We measured the effects of monocular deprivation on binocular rivalry on a sample of 34 participants, a larger sample than those used in previous studies from our laboratory (Binda & Lunghi, 2017; Lunghi et al., 2011; Lunghi et al., 2013) and others’ (Zhou et al., 2013). Besides confirming the robustness and replicability of the monocular deprivation effect, these figures give us a chance to leverage the substantial interindividual variability of the effect to assess the predictive power of several perceptual indices measured before monocular deprivation. The proportion of mixed percepts was found to be stable before and after monocular deprivation, and to have the greatest predictive power on the monocular deprivation effect. However, including binocular rivalry mean phase durations as a second predictor allowed for the substantially larger portion (almost 50%) of variance in the monocular deprivation effect. Similar, although lower, predictive power was achieved by substituting binocular rivalry mean phase durations with structure from motion phase durations or tilt illusion magnitude (as may be expected, given the positive correlation among these three variables, discussed elsewhere in this article). In all models, a key component was the interaction between mixed percepts and phase durations (or tilt illusion magnitude), which may be taken to suggest that at least two different mechanisms may influence the effect of monocular deprivation, possibly related to two (or more) distinct inhibitory mechanisms acting at the level of the visual cortex. 

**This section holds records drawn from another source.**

End Pauli.

From HB Require Import structures.
From mathcomp Require Import all_boot all_order all_algebra all_fingroup.
From mathcomp Require Import character zify.
Set Implicit Arguments. Unset Strict Implicit. Unset Printing Implicit Defensive.
Import Order.TTheory GRing.Theory Num.Theory Num.Def.
Local Open Scope ring_scope.

(* The normalised Pauli strings are orthonormal for the Hilbert-Schmidt product
   tr (X^dagger Y), hence so are the products sigma (x) sigma'.  Since
   sigma sigma' is a multiple of a single Pauli string, the generators of
   different V^tau are orthogonal, so their sum is direct and it is V.
   For (2), the Clifford group acts transitively on the sigma's up to sign:
   two non-identity strings always anticommute with a common third string r,
   and for anticommuting P_a, P_b the Clifford unitary (P_a + P_b)/sqrt 2
   conjugates P_a to P_b.  Picking U_t with U_t tau U_t^dagger = +-t, put
   W^t := phi(U_t) W^tau.  A Clifford C with C t C^dagger = +-s maps W^t into
   W^s, because U_s^dagger C U_t lies in C_q^tau and thus stabilises W^tau. *)

Lemma ord_mul_split m n (k : 'I_(m * n)) :
  exists (i : 'I_m) (j : 'I_n), k = (i * n + j)%N :> nat.
Proof.
have n_gt0 : (0 < n)%N by case: n k => [|//] [k]; rewrite muln0.
have lt_kn : (k %/ n < m)%N by rewrite ltn_divLR // ltn_ord.
by exists (Ordinal lt_kn), (Ordinal (ltn_pmod k n_gt0)); rewrite /= -divn_eq.
Qed.

Section Kronecker.
Variable F : fieldType.

Lemma trow_entry n1 (A : 'rV[F]_n1) m2 n2 (B : 'M[F]_(m2, n2))
    (i : 'I_m2) (l : 'I_(n1 * n2)) (j1 : 'I_n1) (j2 : 'I_n2) :
  l = (j1 * n2 + j2)%N :> nat -> trow A B i l = A 0 j1 * B i j2.
Proof.
elim: n1 A l j1 => [|n1 IH] A l [[|j1] lt_j1] //= l_def; rewrite mxE.
  case: splitP => [l' l'_def|l' l'_def]; last by move: l_def (ltn_ord j2); rewrite l'_def; lia.
  by rewrite !mxE; congr (A _ _ * B _ _); apply: val_inj; move: l_def; rewrite l'_def.
case: splitP => [l' l'_def|l' l'_def]; first by move: l_def (ltn_ord l'); rewrite l'_def; lia.
have lt_j1' : (j1 < n1)%N by [].
rewrite (IH _ _ (Ordinal lt_j1')) /= ?mxE; last by move: l_def; rewrite l'_def; lia.
by congr (A _ _ * _); apply: val_inj.
Qed.

Lemma tprod_entry m1 n1 (A : 'M[F]_(m1, n1)) m2 n2 (B : 'M[F]_(m2, n2))
    (k : 'I_(m1 * m2)) (l : 'I_(n1 * n2))
    (i1 : 'I_m1) (i2 : 'I_m2) (j1 : 'I_n1) (j2 : 'I_n2) :
  k = (i1 * m2 + i2)%N :> nat -> l = (j1 * n2 + j2)%N :> nat ->
  tprod A B k l = A i1 j1 * B i2 j2.
Proof.
elim: m1 A k i1 => [|m1 IH] A k [[|i1] lt_i1] //= k_def l_def; rewrite mxE.
  case: splitP => [k' k'_def|k' k'_def]; last by move: k_def (ltn_ord i2); rewrite k'_def; lia.
  rewrite (trow_entry _ _ _ l_def) !mxE.
  by congr (A _ _ * B _ _); apply: val_inj; move: k_def; rewrite k'_def.
case: splitP => [k' k'_def|k' k'_def]; first by move: k_def (ltn_ord k'); rewrite k'_def; lia.
have lt_i1' : (i1 < m1)%N by [].
rewrite (IH _ _ (Ordinal lt_i1') _ l_def) /= ?mxE; last by move: k_def; rewrite k'_def; lia.
by congr (A _ _ * _); apply: val_inj.
Qed.

Lemma tprodZ m1 n1 m2 n2 (a b : F) (A : 'M[F]_(m1, n1)) (B : 'M[F]_(m2, n2)) :
  tprod (a *: A) (b *: B) = (a * b) *: tprod A B.
Proof.
apply/matrixP => k l; have [i1 [i2 k_def]] := ord_mul_split k.
have [j1 [j2 l_def]] := ord_mul_split l.
by rewrite mxE !(tprod_entry _ _ k_def l_def) !mxE mulrACA.
Qed.

End Kronecker.

Section Adjoint.
Variable C : numClosedFieldType.

Lemma adjmxM m n p (A : 'M[C]_(m, n)) (B : 'M[C]_(n, p)) :
  adjmx (A *m B) = adjmx B *m adjmx A.
Proof. by rewrite /adjmx map_mxM trmx_mul. Qed.

Lemma adjmxD m n (A B : 'M[C]_(m, n)) : adjmx (A + B) = adjmx A + adjmx B.
Proof. by apply/matrixP => i j; rewrite !mxE rmorphD. Qed.

Lemma adjmxZ m n (a : C) (A : 'M[C]_(m, n)) : adjmx (a *: A) = a^* *: adjmx A.
Proof. by apply/matrixP => i j; rewrite !mxE rmorphM. Qed.

Lemma adjmxK m n (A : 'M[C]_(m, n)) : adjmx (adjmx A) = A.
Proof. by apply/matrixP => i j; rewrite !mxE conjCK. Qed.

Lemma adjmx1 n : adjmx (1%:M : 'M[C]_n) = 1%:M.
Proof. by rewrite /adjmx map_mx1 trmx1. Qed.

Lemma conjmx_mul n (A B X : 'M[C]_n) :
  A *m B *m X *m adjmx (A *m B) = A *m (B *m X *m adjmx B) *m adjmx A.
Proof. by rewrite adjmxM !mulmxA. Qed.

Lemma unitary_conjK n (U X : 'M[C]_n) : unitary U -> adjmx U *m (U *m X *m adjmx U) *m U = X.
Proof. by move/mulmx1C => adjU_unit; rewrite !mulmxA adjU_unit mul1mx -mulmxA adjU_unit mulmx1. Qed.

Lemma unitary_conjM n (U X Y : 'M[C]_n) : unitary U ->
  (U *m X *m adjmx U) *m (U *m Y *m adjmx U) = U *m (X *m Y) *m adjmx U.
Proof. by move/mulmx1C => adjU_unit; rewrite !mulmxA -(mulmxA _ (adjmx U)) adjU_unit mulmx1. Qed.

Lemma adjmx_tprod m1 n1 m2 n2 (A : 'M[C]_(m1, n1)) (B : 'M[C]_(m2, n2)) :
  adjmx (tprod A B) = tprod (adjmx A) (adjmx B).
Proof.
apply/matrixP => k l; have [i1 [i2 k_def]] := ord_mul_split k.
have [j1 [j2 l_def]] := ord_mul_split l.
by rewrite !mxE (tprod_entry _ _ l_def k_def) (tprod_entry _ _ k_def l_def) !mxE rmorphM.
Qed.

End Adjoint.

(* Letters 0, 1, 2, 3 stand for 1, X, Y, Z, as in [pauli1]; [pmul] and [pphase]
   give the product up to the phase i ^+ pphase, e.g. X Y = i Z. *)
Definition pmul_nat (a b : nat) : nat :=
  match a, b with
  | 0, b => b | a, 0 => a
  | 1, 2 | 2, 1 => 3 | 1, 3 | 3, 1 => 2 | 2, 3 | 3, 2 => 1
  | _, _ => 0
  end.
Definition pmul (a b : 'I_4) : 'I_4 := inord (pmul_nat a b).

Definition pphase (a b : 'I_4) : nat :=
  match val a, val b with
  | 1, 2 | 2, 3 | 3, 1 => 1
  | 2, 1 | 3, 2 | 1, 3 => 3
  | _, _ => 0
  end.

Definition panti (a b : 'I_4) : bool := [&& val a != 0, val b != 0 & val a != val b].

Ltac case_I4 a := let lt_a := fresh "lt_a" in case: a => [[|[|[|[|a]]]] lt_a] //.

Definition partner (a : 'I_4) : 'I_4 := if val a == 1 then inord 3 else inord 1.

Lemma panti_partner (a : 'I_4) : val a != 0 -> panti a (partner a).
Proof. by case_I4 a; rewrite /panti /partner /= ?inordK. Qed.

Lemma panti_pmul (a b : 'I_4) : val a != 0 -> val b != 0 -> val a != val b ->
  panti a (pmul a b) && panti b (pmul a b).
Proof. by case_I4 a; case_I4 b; rewrite /panti /pmul /= ?inordK. Qed.

Lemma pmul_eq0 (a b : 'I_4) : (pmul a b == ord0) = (a == b).
Proof. by case_I4 a; case_I4 b; rewrite -val_eqE /pmul /= inordK. Qed.

Section SingleQubit.
Variable C : numClosedFieldType.
Local Notation P := (pauli1 C).

Lemma mulii : 'i * 'i = -1 :> C. Proof. by rewrite -expr2 sqrCi. Qed.

Ltac pauli_entries :=
  apply/matrixP => -[[|[|?]] ?] -[[|[|?]] ?] //;
  rewrite !mxE !big_ord_recl !big_ord0 !mxE /= ?mxE /=
    ?(expr0, expr1, exprS, scale1r, mul0r, mulr0, add0r, addr0,
      mul1r, mulr1, mulrN, mulNr, opprK, oppr0, mulii).

Lemma pauli1M (a b : 'I_4) : P a *m P b = 'i ^+ pphase a b *: P (pmul a b).
Proof. by case_I4 a; case_I4 b; rewrite /pmul /pauli1 /= ?inordK //; pauli_entries. Qed.

Lemma pauli1_comm (a b : 'I_4) : P b *m P a = (-1) ^+ panti a b *: (P a *m P b).
Proof. by case_I4 a; case_I4 b; rewrite /panti /pauli1 /=; pauli_entries. Qed.

Lemma pauli1_sq (a : 'I_4) : P a *m P a = 1%:M.
Proof. by case_I4 a; rewrite /pauli1 /=; pauli_entries. Qed.

Lemma pauli1_adj (a : 'I_4) : adjmx (P a) = P a.
Proof.
case_I4 a; rewrite /adjmx /pauli1 /=; apply/matrixP => -[[|[|?]] ?] -[[|[|?]] ?] //;
by rewrite !mxE /= ?mxE /= ?(rmorph0, rmorph1, rmorphN) /= ?(conjCi, opprK).
Qed.

Lemma pauli1_tr (a : 'I_4) : \tr (P a) = if val a == 0 then 2 else 0.
Proof.
by case_I4 a; rewrite /mxtrace /pauli1 /= !big_ord_recl !big_ord0 !mxE /= ?mxE /=
  ?(mul0r, mulr0, add0r, addr0, subrr).
Qed.

End SingleQubit.

Lemma eq_from_binary_digits q (i j : nat) : (i < 2 ^ q)%N -> (j < 2 ^ q)%N ->
  (forall k, (k < q)%N -> odd (i %/ 2 ^ k) = odd (j %/ 2 ^ k)) -> i = j.
Proof.
elim: q i j => [|q IH] i j lt_i lt_j eq_digits; first by move: lt_i lt_j; rewrite expn0; lia.
have eq_half : (i %/ 2 = j %/ 2)%N.
  apply: IH; rewrite ?ltn_divLR -?expnSr // => k lt_kq.
  by rewrite -!divnMA -expnS; apply: eq_digits.
have := eq_digits 0%N isT; rewrite expn0 !divn1 => eq_odd.
by rewrite (divn_eq i 2) (divn_eq j 2) eq_half !modn2 eq_odd.
Qed.

Section QubitTensor.
Variables (C : numClosedFieldType) (q : nat).

Definition qbits (i : 'I_(2 ^ q)) : {ffun 'I_q -> 'I_2} := [ffun k => qbit i k].

Lemma qbits_inj : injective qbits.
Proof.
move=> i j /ffunP eq_ij; apply/val_inj/(@eq_from_binary_digits q); rewrite ?ltn_ord //.
move=> k lt_kq; have := eq_ij (Ordinal lt_kq); rewrite !ffunE /qbit.
by move/(congr1 val); rewrite /= !inordK ?leq_b1 //; do 2!case: odd.
Qed.

Lemma sum_qbits (F : {ffun 'I_q -> 'I_2} -> C) :
  \sum_(i : 'I_(2 ^ q)) F (qbits i) = \sum_f F f.
Proof.
have [g qbitsK gK] : bijective qbits.
  by apply: (inj_card_bij qbits_inj); rewrite card_ffun !card_ord.
by rewrite (reindex qbits) //; exists g.
Qed.

(* The Kronecker product of M 0, ..., M (q - 1), indices read in binary. *)
Definition qtensor (M : 'I_q -> 'M[C]_2) : 'M[C]_(2 ^ q) :=
  \matrix_(i, j) \prod_(k < q) M k (qbit i k) (qbit j k).

Lemma eq_qtensor (M N : 'I_q -> 'M[C]_2) : M =1 N -> qtensor M = qtensor N.
Proof. by move=> eqMN; apply/matrixP => i j; rewrite !mxE; apply: eq_bigr => k _; rewrite eqMN. Qed.

Lemma qtensorM (M N : 'I_q -> 'M[C]_2) :
  qtensor M *m qtensor N = qtensor (fun k => M k *m N k).
Proof.
apply/matrixP => i j; rewrite !mxE.
under eq_bigr do rewrite !mxE -big_split /=.
under [RHS]eq_bigr do rewrite mxE.
rewrite bigA_distr_bigA /=.
rewrite -(sum_qbits (fun f => \prod_k (M k (qbit i k) (f k) * N k (f k) (qbit j k)))).
by apply: eq_bigr => l _; apply: eq_bigr => k _; rewrite ffunE.
Qed.

Lemma mxtrace_qtensor (M : 'I_q -> 'M[C]_2) : \tr (qtensor M) = \prod_k \tr (M k).
Proof.
rewrite /mxtrace; under [LHS]eq_bigr do rewrite mxE.
rewrite bigA_distr_bigA /= -(sum_qbits (fun f => \prod_k M k (f k) (f k))).
by apply: eq_bigr => l _; apply: eq_bigr => k _; rewrite ffunE.
Qed.

Lemma adjmx_qtensor (M : 'I_q -> 'M[C]_2) : adjmx (qtensor M) = qtensor (fun k => adjmx (M k)).
Proof. by apply/matrixP => i j; rewrite !mxE rmorph_prod; apply: eq_bigr => k _; rewrite !mxE. Qed.

Lemma qtensorZ (c : 'I_q -> C) (M : 'I_q -> 'M[C]_2) :
  qtensor (fun k => c k *: M k) = (\prod_k c k) *: qtensor M.
Proof. by apply/matrixP => i j; rewrite !mxE -big_split; apply: eq_bigr => k _; rewrite !mxE. Qed.

Lemma qtensor1 : qtensor (fun=> 1%:M) = 1%:M.
Proof.
apply/matrixP => i j; rewrite !mxE; have [->|neq_ij] := eqVneq i j.
  by rewrite big1 // => k _; rewrite mxE eqxx.
have [k neq_k] : exists k, qbit i k != qbit j k.
  apply/existsP; apply: contraNT neq_ij; rewrite negb_exists => /forallP eq_k.
  by apply/eqP/qbits_inj/ffunP => k; rewrite !ffunE; apply/eqP/negPn/eq_k.
by rewrite (bigD1 k) //= mxE (negbTE neq_k) mul0r.
Qed.

End QubitTensor.

Section PauliStrings.
Variables (C : numClosedFieldType) (q : nat).
Local Notation P := (pauli_str C).

Definition idstr : pstring q := [ffun => ord0].
Definition mulstr (s r : pstring q) : pstring q := [ffun k => pmul (s k) (r k)].
Definition phase_str (s r : pstring q) : nat := (\sum_k pphase (s k) (r k))%N.
Definition anti_str (s r : pstring q) : nat := (\sum_k panti (s k) (r k))%N.

Lemma pauli_strE (s : pstring q) : P s = qtensor (fun k => pauli1 C (s k)).
Proof. by []. Qed.

Lemma pauli_strM (s r : pstring q) : P s *m P r = 'i ^+ phase_str s r *: P (mulstr s r).
Proof.
rewrite !pauli_strE qtensorM -prodrXr -qtensorZ.
by apply: eq_qtensor => k; rewrite pauli1M ffunE.
Qed.

Lemma pauli_str_comm (s r : pstring q) :
  P r *m P s = (-1) ^+ anti_str s r *: (P s *m P r).
Proof.
rewrite !pauli_strE !qtensorM -prodrXr -qtensorZ.
by apply: eq_qtensor => k; rewrite pauli1_comm.
Qed.

Lemma anti_strC (s r : pstring q) : anti_str s r = anti_str r s.
Proof. by apply: eq_bigr => k _; rewrite /panti andbCA; congr (_ && (_ && _)); rewrite eq_sym. Qed.

Lemma pauli_str_sq (s : pstring q) : P s *m P s = 1%:M.
Proof. by rewrite pauli_strE qtensorM -qtensor1; apply: eq_qtensor => k; rewrite pauli1_sq. Qed.

Lemma pauli_str_adj (s : pstring q) : adjmx (P s) = P s.
Proof. by rewrite pauli_strE adjmx_qtensor; apply: eq_qtensor => k; rewrite pauli1_adj. Qed.

Lemma pauli_str_id : P idstr = 1%:M.
Proof. by rewrite pauli_strE -qtensor1; apply: eq_qtensor => k; rewrite ffunE. Qed.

In fact, anatomophysiologic evidence indicates that the population of GABAergic interneurons in V1 is extremely heterogeneous (Trachtenberg, 2015), comprising at least two very distinct classes of cells (Maffei, Lambo, & Turrigiano, 2010; Priya et al., 2019; Scheyltjens & Arckens, 2016). Parvalbumin cells (Scholl, Pattadkal, Dilly, Priebe, & Zemelman, 2015) mediate local inhibitory interactions and could mediate the reciprocal inhibition between neighboring ocular dominance cells (Hensch & Quinlan, 2018; Saiepour et al., 2015; Trachtenberg, 2015). Somatostatin expressing inhibitory neurons, in contrast, act at a more global level, mediating long-range interactions across remote visual field regions and have been specifically associated with center–surround interactions (Adesnik, Bruns, Taniguchi, Huang, & Scanziani, 2012; Vangeneugden et al., 2019; Yazdani, Serrano-Pedraza, Whittaker, Trevelyan, & Read, 2015). Somatostatin expressing inhibitory neurons have been suggested to play a role in short-term plasticity, proposing that their modulation during physical exercise (Lunghi, Sframeli, et al., 2019) could be responsible for the enhanced plasticity reported in Lunghi & Sale (2015). Interestingly, our findings show that variability in short-term plasticity is explained by at least two independent factors related, possibly, to GABAergic inhibition. This finding may suggest an influence of parvalbumin cells inhibitory mechanisms that modulates interocular inhibition revealed by mixed percepts measures and of long-range mechanisms through somatostatin expressing inhibitory neurons that modulate center–surround inhibition (Clifford, 2014) and dynamics of bistability. The interaction between the two factors observed in our results is reminiscent of a normalization model (Reynolds & Heeger, 2009), whereby relatively low local inhibition (high prevalence of mixed percepts) is permissive for long-range inhibition to drive the plasticity effect: slow bistable dynamics or strong center–surround interactions predict smaller plasticity, but high local inhibition (low prevalence of mixed percepts) obscure the effects of the other inhibitory input. We acknowledge that this model is entirely speculative and, although indirectly supported by evidence of multiple sources, requires further research. 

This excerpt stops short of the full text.